Jewish groups said they were troubled that President Clinton had praised Syria on Tuesday for exercising restraint in the current crisis.

“We are mystified and concerned that President Clinton, instead of condemning Syria for permitting the terrorists to attack Israel, actually praised Syria for showing ‘commendable restraint’ in the current situation,” the American Zionist Movement said in a statement Tuesday.

On Wednesday, Clinton appeared to change his position somewhat by saying he thought Syria “could do more” to contribute to an end to the violence in Lebanon.

“I think that Syria should go from showing restraint to being an active participant to try to stop the fighting,” the president said.

The United States is clearly eager to work to contain the current outbreak of violence in southern Lebanon so that it does not further harm the deadlocked Middle East peace process.

Secretary of State Warren Christopher, who cut short a trip to Asia to discuss the crises in the Middle East and in Bosnia-Herzegovina with Clinton, has been talking to Israeli, Lebanese and Syrian leaders, in an attempt to end the fighting.

McCurry said there were no changes in the secretary’s planned trip to the region, which had been scheduled for July 31 through Aug. 4.

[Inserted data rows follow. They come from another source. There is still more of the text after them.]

(* For positive A the form <x, y>_A = <A x, y> is a semi-inner product (a
   positive operator is Hermitian), and T := S^{#A} S satisfies
   <T u, x>_A = <S u, S x>_A; the adjoint and the Moore-Penrose inverse occurring
   in S^{#A} are well defined thanks to the projection and Riesz theorems.
   For an A-unit z let a = ||S z||_A^2 and b = <S z, z>_A. Then
   <(T + S) z, z>_A = a + b and <(T^2 + T) z, z>_A = ||T z||_A^2 + a, while
   Cauchy-Schwarz gives |b|^2 <= a and a^2 <= ||T z||_A^2. Hence
   |a + b|^2 + ||T z||_A^2 + a - |b|^2 - a^2 >= (a + Re b)^2 >= 0, and taking
   suprema gives the claim. If the supremum on the left is finite, S and then T
   are A-bounded, so the suprema on the right are finite as well. *)

From Pilot Require Import Defs.
From HB Require Import structures.
From mathcomp Require Import all_boot all_order all_algebra.
From mathcomp Require Import boolp classical_sets reals.
From mathcomp Require Import complex.
From mathcomp Require Import ring lra.

Set Implicit Arguments.
Unset Strict Implicit.
Unset Printing Implicit Defensive.
Import Order.TTheory GRing.Theory Num.Theory.
Local Open Scope ring_scope.
Local Open Scope complex_scope.
Local Open Scope classical_set_scope.
Local Notation Re := complex.Re.
Local Notation Im := complex.Im.

Lemma le_mul_of_quadratic_ge0 (R : realFieldType) (a b k : R) :
  0 <= k -> 0 <= b -> (forall t, 0 <= a - 2 * t * k + t ^+ 2 * k * b) ->
  k <= a * b.
Proof.
move=> k0 b0 hquad; have [b_eq0|b_neq0] := eqVneq b 0.
  rewrite b_eq0 mulr0; have [->//|k_neq0] := eqVneq k 0.
  have := hquad ((a + 1) / (2 * k)); rewrite b_eq0 mulr0 addr0.
  have -> : 2 * ((a + 1) / (2 * k)) * k = a + 1 by field.
  lra.
have b_gt0 : 0 < b by rewrite lt_def b_neq0.
have := hquad b^-1.
have -> : a - 2 * b^-1 * k + b^-1 ^+ 2 * k * b = (a * b - k) / b by field.
by rewrite pmulr_lge0 ?invr_gt0 // subr_ge0.
Qed.

Lemma invS_lt_eventually (R : realType) (e : R) :
  0 < e -> exists N, forall n, (N <= n)%N -> n.+1%:R^-1 < e.
Proof.
move=> e_gt0; exists (Num.truncn e^-1) => n le_Nn.
rewrite invf_plt ?posrE ?ltr0Sn //.
by apply: lt_le_trans (truncnS_gt _) _; rewrite ler_nat ltnS.
Qed.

The trip was planned in order to push Israel and its negotiating partners — Syria, Lebanon, Jordan and the Palestinians — toward progress in the peace talks.

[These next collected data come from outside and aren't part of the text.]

Lemma card_spanset m (A : 'M_(m, n.+1)) : #|spanset A| = q ^ \rank A.
Proof.
have -> : spanset A = [set (u *m row_base A)%R | u in 'rV_(\rank A)].
  apply/setP => v; rewrite in_spanset -(eq_row_base A).
  by apply/submxP/imsetP => [[u ->]|[u _ ->]]; exists u.
rewrite card_imset ?card_mx ?mul1n //.
have [B baseB1] := row_freeP (row_base_free A); apply: can_inj (mulmx^~ B) _ => u /=.
by rewrite -mulmxA baseB1 mulmx1.
Qed.

Lemma sub_spanset m (A : 'M_(m, n.+1)) (x : V) : (spanset x \subset spanset A) = (x <= A)%MS.
Proof.
apply/subsetP/idP => [sub_xA | xA y]; last by rewrite !in_spanset => /submx_trans; apply.
by have := sub_xA x; rewrite !in_spanset submx_refl; apply.
Qed.

Lemma spansetS m m' (A : 'M_(m, n.+1)) (B : 'M_(m', n.+1)) :
  (A <= B)%MS -> spanset A \subset spanset B.
Proof. by move=> sAB; apply/subsetP => y; rewrite !in_spanset => /submx_trans; apply. Qed.

Lemma eqmx_spanset m m' (A : 'M_(m, n.+1)) (B : 'M_(m', n.+1)) :
  (A :=: B)%MS -> spanset A = spanset B.
Proof. by move=> eqAB; apply/setP => v; rewrite !in_spanset eqAB. Qed.

Lemma is_point_spanset (x : V) : x != 0%R -> is_point (spanset x).
Proof. by move=> x0; apply/existsP; exists x; rewrite rank_rV x0 /=; apply/eqP. Qed.

Lemma is_pointP (P : {set V}) : is_point P -> exists2 p : V, p != 0%R & P = spanset p.
Proof.
case/existsP => A /andP[rA /eqP->]; exists A => //.
by rewrite -mxrank_eq0 (eqP rA).
Qed.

But the fighting in Lebanon and the refugee exodus stemming from it are threatening to overshadow any progress Christopher could achieve during his mission.

The Conference of Presidents has been in telephone contact with Clinton administration officials to discuss the situation in Lebanon, Malcolm Hoenlein, its executive vice chairman, said Wednesday.

A group of Arab American leaders met Wednesday with Martin Indyk, the National Security Council’s top Middle East specialist.

In addition, Arab American groups have held rallies outside the Israeli Embassy this week, protesting Israel’s actions in Lebanon.